----- Supplied information -----

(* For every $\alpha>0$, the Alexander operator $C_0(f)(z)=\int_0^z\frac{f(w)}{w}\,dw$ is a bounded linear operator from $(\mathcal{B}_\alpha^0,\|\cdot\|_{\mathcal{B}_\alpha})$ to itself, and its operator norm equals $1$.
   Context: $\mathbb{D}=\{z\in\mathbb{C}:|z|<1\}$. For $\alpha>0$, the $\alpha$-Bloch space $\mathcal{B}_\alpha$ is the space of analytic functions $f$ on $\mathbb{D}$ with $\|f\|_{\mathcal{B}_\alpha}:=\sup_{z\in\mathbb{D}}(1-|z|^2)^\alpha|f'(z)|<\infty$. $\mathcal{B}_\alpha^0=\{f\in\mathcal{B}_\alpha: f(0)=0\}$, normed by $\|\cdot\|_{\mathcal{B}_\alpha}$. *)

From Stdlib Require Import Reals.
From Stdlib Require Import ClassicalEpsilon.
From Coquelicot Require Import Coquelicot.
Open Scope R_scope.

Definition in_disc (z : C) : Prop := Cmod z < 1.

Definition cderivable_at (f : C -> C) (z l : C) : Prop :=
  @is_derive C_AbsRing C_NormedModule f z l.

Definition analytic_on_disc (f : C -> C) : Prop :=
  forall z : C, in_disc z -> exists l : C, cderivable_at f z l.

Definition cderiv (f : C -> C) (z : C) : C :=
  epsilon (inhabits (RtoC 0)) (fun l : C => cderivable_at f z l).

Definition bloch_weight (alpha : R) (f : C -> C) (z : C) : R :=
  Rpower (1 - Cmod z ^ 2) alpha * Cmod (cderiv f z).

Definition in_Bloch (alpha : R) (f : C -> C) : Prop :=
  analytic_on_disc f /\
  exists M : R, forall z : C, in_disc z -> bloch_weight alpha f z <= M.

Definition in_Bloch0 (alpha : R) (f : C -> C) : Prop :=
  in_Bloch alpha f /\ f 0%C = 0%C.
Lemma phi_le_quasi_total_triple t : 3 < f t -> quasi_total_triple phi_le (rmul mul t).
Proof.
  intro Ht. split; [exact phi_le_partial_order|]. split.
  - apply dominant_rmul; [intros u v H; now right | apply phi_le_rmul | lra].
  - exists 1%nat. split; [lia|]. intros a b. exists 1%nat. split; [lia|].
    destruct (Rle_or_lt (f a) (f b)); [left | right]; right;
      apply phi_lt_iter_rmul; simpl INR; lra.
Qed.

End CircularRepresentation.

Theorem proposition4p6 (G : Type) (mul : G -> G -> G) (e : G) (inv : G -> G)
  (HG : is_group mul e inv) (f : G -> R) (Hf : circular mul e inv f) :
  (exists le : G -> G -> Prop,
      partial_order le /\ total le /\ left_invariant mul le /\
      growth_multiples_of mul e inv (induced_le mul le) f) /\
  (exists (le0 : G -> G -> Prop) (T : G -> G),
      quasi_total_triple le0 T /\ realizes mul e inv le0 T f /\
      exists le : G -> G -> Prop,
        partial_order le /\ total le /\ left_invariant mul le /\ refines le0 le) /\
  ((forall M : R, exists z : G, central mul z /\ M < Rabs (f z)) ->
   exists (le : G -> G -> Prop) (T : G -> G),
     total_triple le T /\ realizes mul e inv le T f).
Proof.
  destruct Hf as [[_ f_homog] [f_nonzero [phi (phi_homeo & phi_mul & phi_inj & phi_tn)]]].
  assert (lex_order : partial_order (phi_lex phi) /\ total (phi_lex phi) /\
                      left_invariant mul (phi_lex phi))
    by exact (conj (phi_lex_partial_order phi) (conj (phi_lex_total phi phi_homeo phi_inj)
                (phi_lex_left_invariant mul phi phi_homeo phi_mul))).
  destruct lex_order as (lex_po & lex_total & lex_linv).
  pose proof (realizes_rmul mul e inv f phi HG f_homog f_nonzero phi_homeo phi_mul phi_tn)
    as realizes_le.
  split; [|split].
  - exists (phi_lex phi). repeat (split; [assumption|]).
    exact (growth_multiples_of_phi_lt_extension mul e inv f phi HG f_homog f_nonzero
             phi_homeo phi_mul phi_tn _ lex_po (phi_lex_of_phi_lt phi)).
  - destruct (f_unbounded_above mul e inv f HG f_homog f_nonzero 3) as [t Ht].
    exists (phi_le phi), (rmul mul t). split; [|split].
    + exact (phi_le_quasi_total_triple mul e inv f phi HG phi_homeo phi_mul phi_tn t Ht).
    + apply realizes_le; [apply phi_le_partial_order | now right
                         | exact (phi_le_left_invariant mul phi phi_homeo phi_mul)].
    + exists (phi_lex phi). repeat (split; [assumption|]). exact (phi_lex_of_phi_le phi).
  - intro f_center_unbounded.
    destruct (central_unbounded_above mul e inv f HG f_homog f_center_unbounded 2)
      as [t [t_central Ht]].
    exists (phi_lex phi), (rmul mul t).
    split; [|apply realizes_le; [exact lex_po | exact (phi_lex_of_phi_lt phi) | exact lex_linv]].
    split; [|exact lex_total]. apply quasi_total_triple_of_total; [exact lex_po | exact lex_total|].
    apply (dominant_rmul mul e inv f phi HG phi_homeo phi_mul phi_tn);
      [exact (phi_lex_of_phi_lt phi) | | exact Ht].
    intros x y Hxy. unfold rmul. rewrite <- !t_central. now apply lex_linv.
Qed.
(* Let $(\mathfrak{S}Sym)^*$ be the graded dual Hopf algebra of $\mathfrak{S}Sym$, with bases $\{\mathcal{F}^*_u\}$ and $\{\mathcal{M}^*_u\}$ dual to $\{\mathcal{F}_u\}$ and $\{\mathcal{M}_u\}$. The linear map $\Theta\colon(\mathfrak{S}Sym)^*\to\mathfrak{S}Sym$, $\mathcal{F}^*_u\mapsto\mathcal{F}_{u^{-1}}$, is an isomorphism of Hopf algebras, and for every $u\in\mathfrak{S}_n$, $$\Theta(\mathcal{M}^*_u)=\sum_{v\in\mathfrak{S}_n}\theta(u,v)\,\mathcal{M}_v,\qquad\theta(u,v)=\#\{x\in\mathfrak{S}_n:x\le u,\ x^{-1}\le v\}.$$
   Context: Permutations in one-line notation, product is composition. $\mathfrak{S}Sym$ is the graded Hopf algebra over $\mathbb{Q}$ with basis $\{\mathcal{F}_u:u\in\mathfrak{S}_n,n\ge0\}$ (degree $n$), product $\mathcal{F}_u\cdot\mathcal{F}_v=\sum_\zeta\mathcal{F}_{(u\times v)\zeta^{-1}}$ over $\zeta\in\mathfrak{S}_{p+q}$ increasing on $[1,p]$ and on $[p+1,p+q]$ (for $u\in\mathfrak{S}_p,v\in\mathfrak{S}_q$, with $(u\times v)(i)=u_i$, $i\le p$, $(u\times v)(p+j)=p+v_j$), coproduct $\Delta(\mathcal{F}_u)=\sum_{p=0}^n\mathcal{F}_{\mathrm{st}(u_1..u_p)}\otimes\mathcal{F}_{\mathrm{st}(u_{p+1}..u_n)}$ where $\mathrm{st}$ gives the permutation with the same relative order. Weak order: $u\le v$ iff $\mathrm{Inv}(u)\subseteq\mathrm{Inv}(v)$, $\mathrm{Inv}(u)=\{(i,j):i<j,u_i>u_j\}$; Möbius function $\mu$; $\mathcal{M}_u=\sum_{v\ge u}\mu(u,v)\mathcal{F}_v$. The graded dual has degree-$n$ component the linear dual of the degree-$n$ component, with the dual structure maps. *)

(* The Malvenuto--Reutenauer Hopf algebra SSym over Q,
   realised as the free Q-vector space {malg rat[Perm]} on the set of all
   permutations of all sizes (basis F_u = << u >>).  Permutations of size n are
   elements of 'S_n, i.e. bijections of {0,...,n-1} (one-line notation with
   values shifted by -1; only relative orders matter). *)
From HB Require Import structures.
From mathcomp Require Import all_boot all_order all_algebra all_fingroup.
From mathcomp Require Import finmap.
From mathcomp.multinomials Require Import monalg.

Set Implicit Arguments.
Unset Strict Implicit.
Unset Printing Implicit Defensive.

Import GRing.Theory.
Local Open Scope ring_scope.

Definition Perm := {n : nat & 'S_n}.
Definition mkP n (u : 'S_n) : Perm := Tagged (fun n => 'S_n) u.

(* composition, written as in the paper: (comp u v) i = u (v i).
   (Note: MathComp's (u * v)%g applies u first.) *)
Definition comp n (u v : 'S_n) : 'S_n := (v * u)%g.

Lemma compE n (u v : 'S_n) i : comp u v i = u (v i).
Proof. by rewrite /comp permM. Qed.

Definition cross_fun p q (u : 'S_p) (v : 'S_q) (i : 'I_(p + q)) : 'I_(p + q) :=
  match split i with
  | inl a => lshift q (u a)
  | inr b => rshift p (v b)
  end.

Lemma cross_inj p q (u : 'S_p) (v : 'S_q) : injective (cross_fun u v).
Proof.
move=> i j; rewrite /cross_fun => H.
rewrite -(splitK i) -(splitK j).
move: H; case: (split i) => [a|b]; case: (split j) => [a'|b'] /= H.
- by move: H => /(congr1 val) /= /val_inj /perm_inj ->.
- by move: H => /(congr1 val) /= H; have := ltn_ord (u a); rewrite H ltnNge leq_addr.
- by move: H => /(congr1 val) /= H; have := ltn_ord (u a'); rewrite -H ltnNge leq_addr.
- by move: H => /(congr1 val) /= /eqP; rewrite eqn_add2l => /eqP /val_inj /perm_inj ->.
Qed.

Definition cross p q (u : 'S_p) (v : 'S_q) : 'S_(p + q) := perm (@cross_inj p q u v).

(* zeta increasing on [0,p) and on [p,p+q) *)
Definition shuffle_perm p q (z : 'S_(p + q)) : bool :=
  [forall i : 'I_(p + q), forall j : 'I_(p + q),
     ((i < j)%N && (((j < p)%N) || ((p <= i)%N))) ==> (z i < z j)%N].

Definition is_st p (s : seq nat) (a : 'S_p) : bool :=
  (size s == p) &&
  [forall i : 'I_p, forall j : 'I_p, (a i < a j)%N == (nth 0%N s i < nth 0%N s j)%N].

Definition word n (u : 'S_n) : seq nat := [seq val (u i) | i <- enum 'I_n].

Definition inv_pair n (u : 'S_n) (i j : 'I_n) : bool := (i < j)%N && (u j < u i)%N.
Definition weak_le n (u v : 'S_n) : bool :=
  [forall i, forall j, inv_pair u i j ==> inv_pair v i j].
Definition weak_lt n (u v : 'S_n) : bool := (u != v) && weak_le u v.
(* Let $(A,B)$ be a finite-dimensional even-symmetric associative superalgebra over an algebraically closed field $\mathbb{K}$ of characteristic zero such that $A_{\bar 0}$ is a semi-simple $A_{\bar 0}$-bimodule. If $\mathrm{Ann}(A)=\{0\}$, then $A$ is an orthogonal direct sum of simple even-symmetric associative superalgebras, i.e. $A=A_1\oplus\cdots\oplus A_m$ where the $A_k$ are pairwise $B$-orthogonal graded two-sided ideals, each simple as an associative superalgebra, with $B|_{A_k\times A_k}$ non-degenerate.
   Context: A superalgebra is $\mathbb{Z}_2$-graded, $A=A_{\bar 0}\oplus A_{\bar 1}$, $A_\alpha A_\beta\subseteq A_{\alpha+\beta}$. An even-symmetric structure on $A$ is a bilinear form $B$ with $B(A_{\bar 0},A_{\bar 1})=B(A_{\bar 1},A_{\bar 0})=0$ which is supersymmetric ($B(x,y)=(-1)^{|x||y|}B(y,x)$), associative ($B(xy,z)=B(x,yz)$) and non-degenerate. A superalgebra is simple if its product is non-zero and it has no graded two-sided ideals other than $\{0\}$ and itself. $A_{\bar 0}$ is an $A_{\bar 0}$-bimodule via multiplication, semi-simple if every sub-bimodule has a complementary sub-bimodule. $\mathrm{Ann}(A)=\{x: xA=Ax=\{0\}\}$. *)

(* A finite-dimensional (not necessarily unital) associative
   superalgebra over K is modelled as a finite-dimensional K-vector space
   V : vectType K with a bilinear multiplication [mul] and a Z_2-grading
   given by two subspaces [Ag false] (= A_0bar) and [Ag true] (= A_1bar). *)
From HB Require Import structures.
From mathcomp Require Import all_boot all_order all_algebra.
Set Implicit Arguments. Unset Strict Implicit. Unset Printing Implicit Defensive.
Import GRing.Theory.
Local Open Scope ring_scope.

-----

• [Work required] Please, from the entries above, set down exactly the lines from the one containing "as [t [t_central Ht]]." through the one containing "be the graded", and only those.

• [Reply to the task]
      as [t [t_central Ht]].
    exists (phi_lex phi), (rmul mul t).
    split; [|apply realizes_le; [exact lex_po | exact (phi_lex_of_phi_lt phi) | exact lex_linv]].
    split; [|exact lex_total]. apply quasi_total_triple_of_total; [exact lex_po | exact lex_total|].
    apply (dominant_rmul mul e inv f phi HG phi_homeo phi_mul phi_tn);
      [exact (phi_lex_of_phi_lt phi) | | exact Ht].
    intros x y Hxy. unfold rmul. rewrite <- !t_central. now apply lex_linv.
Qed.
(* Let $(\mathfrak{S}Sym)^*$ be the graded dual Hopf algebra of $\mathfrak{S}Sym$, with bases $\{\mathcal{F}^*_u\}$ and $\{\mathcal{M}^*_u\}$ dual to $\{\mathcal{F}_u\}$ and $\{\mathcal{M}_u\}$. The linear map $\Theta\colon(\mathfrak{S}Sym)^*\to\mathfrak{S}Sym$, $\mathcal{F}^*_u\mapsto\mathcal{F}_{u^{-1}}$, is an isomorphism of Hopf algebras, and for every $u\in\mathfrak{S}_n$, $$\Theta(\mathcal{M}^*_u)=\sum_{v\in\mathfrak{S}_n}\theta(u,v)\,\mathcal{M}_v,\qquad\theta(u,v)=\#\{x\in\mathfrak{S}_n:x\le u,\ x^{-1}\le v\}.$$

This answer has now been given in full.